Material shown:

(* In the setting described in the context, suppose $(\eta^{l,n+1})_{l=1}^M$, $\psi^{n+1}$, $\xi^{n+1}$ (real grid functions) satisfy Scheme II given $(\eta^{l,n})_l$, $\psi^n$, $\xi^n$. Set $c^{l,m}=e^{\eta^{l,m}}$, $T^m=e^{\xi^m}$ for $m=n,n+1$. Then: (1) (mass conservation) $(e^{\eta^{l,n+1}},1)=(e^{\eta^{l,n}},1)$ for $l=1,\dots,M$; (2) (positivity) $c^{l,n+1}_i>0$ and $T^{n+1}_i>0$ for all $i,l$; (3) (discrete entropy increasing) with $S^m_h=-\sum_{l=1}^M(c^{l,m},\log c^{l,m})+(\log T^m+1,C_T)$, \[ \frac{S^{n+1}_h-S^n_h}{\Delta t}\ \ge\ \varepsilon\sum_{l=1}^M\big(\nu^le^{\eta^{l,n+1/2}}|\check{\mathbf u}^{l,n+1/2}|^2,R^{n+1/2}\big)+k\sum_{\sigma\in\mathcal E_{int}}\tau_\sigma\,\mathcal A_\sigma\big(e^{\xi^{n+1/2}}\big)\,D(\log R^{n+1/2})_{i,\sigma}\,DR^{n+1/2}_{i,\sigma}\ \ge 0 . \]
   Context: Mesh. $\Omega\subset\mathbb R^d$ is a bounded polygonal/polyhedral domain with $\partial\Omega=\Gamma_D\cup\Gamma_N$, $\Gamma_D\cap\Gamma_N=\emptyset$. A Voronoi finite-volume mesh consists of points $\mathbf x_1,\dots,\mathbf x_N$ and control volumes $V_i=\{\mathbf y\in\Omega:|\mathbf y-\mathbf x_i|<|\mathbf y-\mathbf x_j|\ \forall j\ne i\}$. An interior face is $\sigma=\partial V_i\cap\partial V_j$ of positive $(d-1)$-measure, written $\sigma=i|j$; $\mathcal E_{int}$ is the set of interior faces and $\mathcal E_{i,int}$ those of $V_i$; $\mathcal E^D_{i,ext}$, $\mathcal E^N_{i,ext}$ are the faces of $\partial V_i$ lying in $\Gamma_D$, resp. $\Gamma_N$. $\mathrm m(\cdot)$ is Lebesgue measure (in dimension $d$ or $d-1$); $d_\sigma=|\mathbf x_i-\mathbf x_j|$ for $\sigma=i|j$ and $d_\sigma=\mathrm{dist}(\mathbf x_i,\sigma)$ for exterior faces of $V_i$; $\tau_\sigma=\mathrm m(\sigma)/d_\sigma$. Grid functions are vectors $u=(u_1,\dots,u_N)\in\mathbb R^N$; for $\sigma=i|j$, $Du_{i,\sigma}=u_j-u_i$. For positive $u$ and $\sigma=i|j$, $\mathcal A_\sigma u=\frac{(\mathrm m(V_i)+\mathrm m(V_j))u_iu_j}{\mathrm m(V_i)u_j+\mathrm m(V_j)u_i}$ (harmonic average). The discrete inner product is $(f,g)=\sum_{i=1}^N\mathrm m(V_i)f_ig_i$; exponentials, logarithms, products and quotients of grid functions are taken componentwise. Scheme II (modified Crank–Nicolson in the variables $\eta^l=\log c^l$, $\xi=\log T$). Parameters: $\varepsilon>0$, $k>0$, $C_T>0$, $\Delta t>0$, $\nu^l>0$, $z^l\in\mathbb R$, a grid function $\rho^f$, Dirichlet data $\psi^D_\sigma$ on $\Gamma_D$-faces, Neumann data $g_\sigma$ on $\Gamma_N$-faces. Define $e^{f^{n+1/2}}:=e^{(f^n+f^{n+1})/2}$ for $f=\xi,\eta^l$, $\psi^{n+1/2}=\frac12(\psi^n+\psi^{n+1})$, and \[Q^{l}=\eta^{l,n+1}-\frac{e^{\eta^{l,n+1}}-e^{\eta^{l,n}}}{2e^{\eta^{l,n+1}}}-\frac{(e^{\eta^{l,n+1}}-e^{\eta^{l,n}})^2}{6e^{2\eta^{l,n+1}}},\qquad R^{n+1/2}=e^{-\xi^{n+1}}+\frac{e^{\xi^{n+1}}-e^{\xi^n}}{2e^{2\xi^{n+1}}}+\frac{(e^{\xi^{n+1}}-e^{\xi^n})^2}{3e^{3\xi^{n+1}}}.\] For $\sigma=i|j$ define the face flux \[G^l_{i,\sigma}=-\frac1{\nu^ld_\sigma}\Big[\mathcal A_\sigma\big(e^{\eta^{l,n+1/2}+\xi^{n+1/2}}\big)DQ^l_{i,\sigma}+\mathcal A_\sigma\big(e^{\eta^{l,n+1/2}}\big)D\big(z^l\psi^{n+1/2}+e^{\xi^{n+1/2}}\big)_{i,\sigma}\Big],\] with zero flux through exterior faces. The scheme reads, for $i=1,\dots,N$, $l=1,\dots,M$: (a) $\frac{e^{\eta^{l,n+1}_i}-e^{\eta^{l,n}_i}}{\Delta t}+\frac{\varepsilon}{\mathrm m(V_i)}\sum_{\sigma\in\mathcal E_{i,int}}\mathrm m(\sigma)G^l_{i,\sigma}=0$; (b) $-\frac{\varepsilon^2}{\mathrm m(V_i)}\Big[\sum_{\sigma\in\mathcal E_{i,int}}\tau_\sigma D\psi^{n+1}_{i,\sigma}+\sum_{\sigma\in\mathcal E^D_{i,ext}}\tau_\sigma(\psi^D_\sigma-\psi^{n+1}_i)\Big]-\frac1{\mathrm m(V_i)}\sum_{\sigma\in\mathcal E^N_{i,ext}}\mathrm m(\sigma)g_\sigma=\sum_lz^le^{\eta^{l,n+1}_i}+\rho^f_i$; (c) $C_T\frac{e^{\xi^{n+1}_i}-e^{\xi^n_i}}{\Delta t}=-\frac{k}{\mathrm m(V_i)}\sum_{\sigma\in\mathcal E_{i,int}}\tau_\sigma\mathcal A_\sigma(e^{\xi^{n+1/2}})D(\log R^{n+1/2})_{i,\sigma}+\frac{P_i}{R^{n+1/2}_i}+\varepsilon\sum_l\nu^le^{\eta^{l,n+1/2}_i}|\check{\mathbf u}^{l,n+1/2}_i|^2$ (thermally insulated: no exterior-face terms), where \[P_i=\sum_{l=1}^M\Big[\frac{\varepsilon}{\mathrm m(V_i)}\sum_{\sigma\in\mathcal E_{i,int}}\mathrm m(\sigma)G^l_{i,\sigma}Q^l_\sigma+(1+Q^l_i)\frac{e^{\eta^{l,n+1}_i}-e^{\eta^{l,n}_i}}{\Delta t}\Big],\] $Q^l_\sigma$ is a face value of $Q^l$ depending only on $\sigma$, and $\check{\mathbf u}^{l,n+1/2}_i\in\mathbb R^d$ are given cell-wise velocity reconstructions; $|\check{\mathbf u}^{l,n+1/2}|^2$ is the grid function $i\mapsto|\check{\mathbf u}^{l,n+1/2}_i|^2$. In the last sum of the claim $\sigma=i|j$ with either orientation (the product is orientation-independent). *)

From HB Require Import structures.
From mathcomp Require Import all_boot all_order all_algebra.
From mathcomp Require Import reals sequences exp.
Set Implicit Arguments. Unset Strict Implicit. Unset Printing Implicit Defensive.
Import Order.TTheory GRing.Theory Num.Theory.
Local Open Scope ring_scope.
(* Let $E$ be a finite-dimensional real vector space with basis $(e_i)_{1\le i\le d}$, let $(x_n)_{n\in\mathbb{N}}$ be an $E$-valued sequence and $(T_k)_{k\in\mathbb{N}}$ a strictly increasing sequence in $\mathbb{N}$ with $T_0=0$, $L_k=T_{k+1}-T_k>0$. Let $\tilde\lambda_p(x)=x_{T_p}$ and let $\tilde{\mathcal{E}}^{(p)}(x)$ be the pseudo-excursions defined by $\tilde{\mathcal{E}}^{(p)}(x)_n=x_{T_p+n}-\tilde\lambda_p(x)$ for $0\le n\le L_p$ (and $=o$, a cemetery point, for $n>L_p$). Then for all $n\ge 1$ and $1\le i,j\le d$, $$A^{ij}_{T_n}(x)=\sum_{p=0}^{n-1}A^{ij}_{L_p}\big(\tilde{\mathcal{E}}^{(p)}(x)\big)+A^{ij}_n\big(\tilde\lambda(x)\big).$$ In particular, if $G\subset E$ is a $\Lambda$-periodic subgraph, $(x_n)$ is $G$-valued with $(\pi_0(x_n))_n$ visiting every point of $G_0$ infinitely often, $T_{k+1}=\inf\{n>T_k:\pi_0(x_n)=\pi_0(x_0)\}$, $\lambda_k(x)=\pi_\Lambda(x_{T_k})$ and $\mathcal{E}^{(p)}(x)_n=x_{T_p+n}-\lambda_p(x)$ for $0\le n\le L_p$, then $$A^{ij}_{T_n}(x)=\sum_{p=0}^{n-1}A^{ij}_{L_p}\big(\mathcal{E}^{(p)}(x)\big)+A^{ij}_n\big(\lambda(x)\big).$$
   Context: For an $E$-valued sequence $(y_n)_n$ (coordinates $y^{(i)}$ in the basis $(e_i)$), its area sequence is the antisymmetric matrix sequence $A_0(y)=A_1(y)=0$ and $A^{ij}_n(y)=\sum_{1\le k<l\le n}\big((\Delta y^{(i)})_k(\Delta y^{(j)})_l-(\Delta y^{(j)})_k(\Delta y^{(i)})_l\big)$ with $(\Delta u)_k=u_k-u_{k-1}$; for a pseudo-excursion, $A_{L_p}$ uses only its first $L_p+1$ values. A $\Lambda$-periodic subgraph: an infinite subset $G\subset E$ of separated points invariant under translation by a lattice $\Lambda$, with $G=\bigsqcup_{\lambda\in\Lambda}(\lambda+G_0)$, $G_0$ finite, and each $y\in G$ uniquely $y=\pi_\Lambda(y)+\pi_0(y)$, $\pi_\Lambda(y)\in\Lambda$, $\pi_0(y)\in G_0$. *)

(* E = R^d realised as row vectors 'rV[R]_d, with the
   standard basis; coordinate i of v is v 0 i. *)
From HB Require Import structures.
From mathcomp Require Import all_boot all_order all_algebra.
From mathcomp Require Import reals.
Set Implicit Arguments. Unset Strict Implicit. Unset Printing Implicit Defensive.
Import Order.TTheory GRing.Theory Num.Theory.
Local Open Scope ring_scope.

Definition dlt (R : realType) (d : nat) (y : nat -> 'rV[R]_d) (i : 'I_d) (k : nat) : R :=
  y k 0 i - y k.-1 0 i.

Definition area (R : realType) (d : nat) (y : nat -> 'rV[R]_d) (n : nat) (i j : 'I_d) : R :=
  \sum_(1 <= l < n.+1) \sum_(1 <= k < l)
     (dlt y i k * dlt y j l - dlt y j k * dlt y i l).

Definition excL (T : nat -> nat) (p : nat) : nat := (T p.+1 - T p)%N.

Definition tlam (R : realType) (d : nat) (x : nat -> 'rV[R]_d) (T : nat -> nat) : nat -> 'rV[R]_d :=
  fun p => x (T p).

(* pseudo-excursion tilde E^(p)(x)_n = x_{T_p+n} - x_{T_p}; only the values for
   n <= L_p matter (beyond, the paper uses a cemetery point which never enters
   A_{L_p}). *)
Definition tpexc (R : realType) (d : nat) (x : nat -> 'rV[R]_d) (T : nat -> nat) (p : nat) :
  nat -> 'rV[R]_d := fun n => x (T p + n)%N - x (T p).

Definition is_lattice (R : realType) (d : nat) (Lam : 'rV[R]_d -> Prop) : Prop :=
  exists b : 'M[R]_d, b \in unitmx /\
    forall v, Lam v <-> exists z : 'rV[int]_d, v = map_mx (fun k : int => k%:~R) z *m b.

Definition separated (R : realType) (d : nat) (G : 'rV[R]_d -> Prop) : Prop :=
  exists delta : R, 0 < delta /\
    forall y y', G y -> G y' -> y <> y' -> exists i : 'I_d, delta <= `|y 0 i - y' 0 i|.

Definition periodic_subgraph (R : realType) (d : nat) (G : 'rV[R]_d -> Prop)
  (Lam : 'rV[R]_d -> Prop) (G0 : seq 'rV[R]_d)
  (piL pi0 : 'rV[R]_d -> 'rV[R]_d) : Prop :=
  is_lattice Lam /\
      ~ (exists s : seq 'rV[R]_d, forall y, G y -> y \in s) /\
      separated G /\
      (forall l y, Lam l -> G y -> G (l + y)) /\
      (forall y, G y <-> exists l g, [/\ Lam l, g \in G0 & y = l + g]) /\
      (forall l l' g g', Lam l -> Lam l' -> g \in G0 -> g' \in G0 ->
          l + g = l' + g' -> l = l' /\ g = g') /\
      (forall y, G y -> [/\ Lam (piL y), pi0 y \in G0 & y = piL y + pi0 y]).

(* The area is additive along a concatenation of paths up to the cross term
   formed by the two displacements: splitting x at T_n, the path up to T_{n+1}
   contributes the area up to T_n, the area of the n-th excursion, and the
   cross term of the displacements x_{T_n} - x_0 and x_{T_{n+1}} - x_{T_n},
   which is exactly the last increment of the area of the skeleton
   (x_{T_p})_p.  Areas only depend on increments, so translating the
   excursions and the skeleton by any constant changes nothing; in the
   periodic case lambda_p = x_{T_p} - pi_0(x_0). *)
From HB Require Import structures.
From mathcomp Require Import all_boot all_order all_algebra.
From mathcomp Require Import reals.
From mathcomp Require Import ring.
Import Order.TTheory GRing.Theory Num.Theory.
Local Open Scope ring_scope.

Section Area.
Variables (R : realType) (d : nat).
Implicit Types (y z : nat -> 'rV[R]_d) (c : 'rV[R]_d).

Definition shift y (m : nat) : nat -> 'rV[R]_d := fun n => y (m + n)%N.

Lemma sum_dlt y i m : \sum_(1 <= k < m.+1) dlt y i k = y m 0 i - y 0%N 0 i.
Proof.
elim: m => [|m IHm]; first by rewrite big_geq // subrr.
by rewrite big_nat_recr //= IHm /dlt /=; ring.
Qed.

Lemma dlt_subr y c i k : dlt (fun n => y n - c) i k = dlt y i k.
Proof. by rewrite /dlt !mxE; ring. Qed.

Lemma eq_area_dlt y z n i j : (forall i k, dlt y i k = dlt z i k) ->
  area y n i j = area z n i j.
Proof.
by move=> eq_yz; apply: eq_bigr => l _; apply: eq_bigr => k _; rewrite !eq_yz.
Qed.

Lemma area_subr y c n i j : area (fun m => y m - c) n i j = area y n i j.
Proof. exact/eq_area_dlt/dlt_subr. Qed.

Lemma area0 y i j : area y 0 i j = 0.
Proof. by rewrite /area big_geq. Qed.

Lemma areaS y n i j : area y n.+1 i j =
  area y n i j + (y n 0 i - y 0%N 0 i) * dlt y j n.+1
               - (y n 0 j - y 0%N 0 j) * dlt y i n.+1.
Proof.
rewrite /area big_nat_recr //= big_split /= sumrN -!mulr_suml !sum_dlt.
by rewrite addrA.
Qed.

Lemma area_cat y m L i j : area y (m + L) i j =
  area y m i j + area (shift y m) L i j
  + (y m 0 i - y 0%N 0 i) * (y (m + L)%N 0 j - y m 0 j)
  - (y m 0 j - y 0%N 0 j) * (y (m + L)%N 0 i - y m 0 i).
Proof.
elim: L => [|L IHL]; first by rewrite addn0 area0 !subrr; ring.
by rewrite addnS !areaS IHL /shift /dlt /= addn0 addnS /=; ring.
Qed.

Lemma area_decomposition y (T : nat -> nat) n i j :
  T 0%N = 0%N -> (forall k, (T k <= T k.+1)%N) ->
  area y (T n) i j =
    \sum_(p < n) area (shift y (T p)) (excL T p) i j
    + area (fun p => y (T p)) n i j.
Proof.
move=> T0 T_incr; elim: n => [|n IHn]; first by rewrite T0 big_ord0 !area0 add0r.
have T_S : T n.+1 = (T n + excL T n)%N by rewrite /excL subnKC.
rewrite [in LHS]T_S area_cat IHn big_ord_recr /= areaS -T_S /dlt /= T0; ring.
Qed.

End Area.

Theorem mainTheorem5 (R : realType) (d : nat) :
  (* general decomposition along an arbitrary increasing time sequence *)
  (forall (x : nat -> 'rV[R]_d) (T : nat -> nat),
      T 0%N = 0%N -> (forall k, (T k < T k.+1)%N) ->
      forall (n : nat) (i j : 'I_d), (1 <= n)%N ->
        area x (T n) i j =
          \sum_(p < n) area (tpexc x T p) (excL T p) i j + area (tlam x T) n i j)
  /\
  (* the periodic-subgraph case *)
  (forall (G Lam : 'rV[R]_d -> Prop) (G0 : seq 'rV[R]_d) (piL pi0 : 'rV[R]_d -> 'rV[R]_d)
          (x : nat -> 'rV[R]_d) (T : nat -> nat),
      periodic_subgraph G Lam G0 piL pi0 ->
      (forall m, G (x m)) ->
      (forall g, g \in G0 -> forall N, exists m, (N <= m)%N /\ pi0 (x m) = g) ->
      (* T_0 = 0, T_{k+1} = inf {m > T_k : pi0 (x m) = pi0 (x 0)} *)
      T 0%N = 0%N ->
      (forall k, (T k < T k.+1)%N /\ pi0 (x (T k.+1)) = pi0 (x 0%N) /\
                 forall m, (T k < m < T k.+1)%N -> pi0 (x m) <> pi0 (x 0%N)) ->
      let lam := fun p => piL (x (T p)) in
      let exc := fun p m => x (T p + m)%N - lam p in
      forall (n : nat) (i j : 'I_d), (1 <= n)%N ->
        area x (T n) i j =
          \sum_(p < n) area (exc p) (excL T p) i j + area lam n i j).
Proof.
split=> [x T T0 T_incr n i j _ | G Lam G0 piL pi0 x T].
  rewrite area_decomposition //; last by move=> k; exact: ltnW.
  by congr (_ + _); apply: eq_bigr => p _; rewrite /tpexc area_subr.
move=> [_ [_ [_ [_ [_ [_ proj_decomp]]]]]] x_in_G _ T0 T_return lam exc n i j _.
have lamE k : lam k = x (T k) - pi0 (x 0%N).
  have pi0_T : pi0 (x (T k)) = pi0 (x 0%N).
    by case: k => [|k]; [rewrite T0 | case: (T_return k) => _ []].
  have [_ _ x_split] := proj_decomp _ (x_in_G (T k)).
  by rewrite /lam -pi0_T {2}x_split addrK.
rewrite area_decomposition //; last by move=> k; case: (T_return k) => /ltnW.
have -> : area lam n i j = area (fun p => x (T p)) n i j.
  by apply: eq_area_dlt => i' k; rewrite /dlt !lamE !mxE; ring.
by congr (_ + _); apply: eq_bigr => p _; rewrite /exc area_subr.
Qed.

Task instructions:
Reproduce verbatim only the segment of the listing bounded by the line containing "Context: For an" and the line containing "nat -> 'rV[R]_d := fun n => x", with both boundary lines included.

Response:
   Context: For an $E$-valued sequence $(y_n)_n$ (coordinates $y^{(i)}$ in the basis $(e_i)$), its area sequence is the antisymmetric matrix sequence $A_0(y)=A_1(y)=0$ and $A^{ij}_n(y)=\sum_{1\le k<l\le n}\big((\Delta y^{(i)})_k(\Delta y^{(j)})_l-(\Delta y^{(j)})_k(\Delta y^{(i)})_l\big)$ with $(\Delta u)_k=u_k-u_{k-1}$; for a pseudo-excursion, $A_{L_p}$ uses only its first $L_p+1$ values. A $\Lambda$-periodic subgraph: an infinite subset $G\subset E$ of separated points invariant under translation by a lattice $\Lambda$, with $G=\bigsqcup_{\lambda\in\Lambda}(\lambda+G_0)$, $G_0$ finite, and each $y\in G$ uniquely $y=\pi_\Lambda(y)+\pi_0(y)$, $\pi_\Lambda(y)\in\Lambda$, $\pi_0(y)\in G_0$. *)

(* E = R^d realised as row vectors 'rV[R]_d, with the
   standard basis; coordinate i of v is v 0 i. *)
From HB Require Import structures.
From mathcomp Require Import all_boot all_order all_algebra.
From mathcomp Require Import reals.
Set Implicit Arguments. Unset Strict Implicit. Unset Printing Implicit Defensive.
Import Order.TTheory GRing.Theory Num.Theory.
Local Open Scope ring_scope.

Definition dlt (R : realType) (d : nat) (y : nat -> 'rV[R]_d) (i : 'I_d) (k : nat) : R :=
  y k 0 i - y k.-1 0 i.

Definition area (R : realType) (d : nat) (y : nat -> 'rV[R]_d) (n : nat) (i j : 'I_d) : R :=
  \sum_(1 <= l < n.+1) \sum_(1 <= k < l)
     (dlt y i k * dlt y j l - dlt y j k * dlt y i l).

Definition excL (T : nat -> nat) (p : nat) : nat := (T p.+1 - T p)%N.

Definition tlam (R : realType) (d : nat) (x : nat -> 'rV[R]_d) (T : nat -> nat) : nat -> 'rV[R]_d :=
  fun p => x (T p).

(* pseudo-excursion tilde E^(p)(x)_n = x_{T_p+n} - x_{T_p}; only the values for
   n <= L_p matter (beyond, the paper uses a cemetery point which never enters
   A_{L_p}). *)
Definition tpexc (R : realType) (d : nat) (x : nat -> 'rV[R]_d) (T : nat -> nat) (p : nat) :
  nat -> 'rV[R]_d := fun n => x (T p + n)%N - x (T p).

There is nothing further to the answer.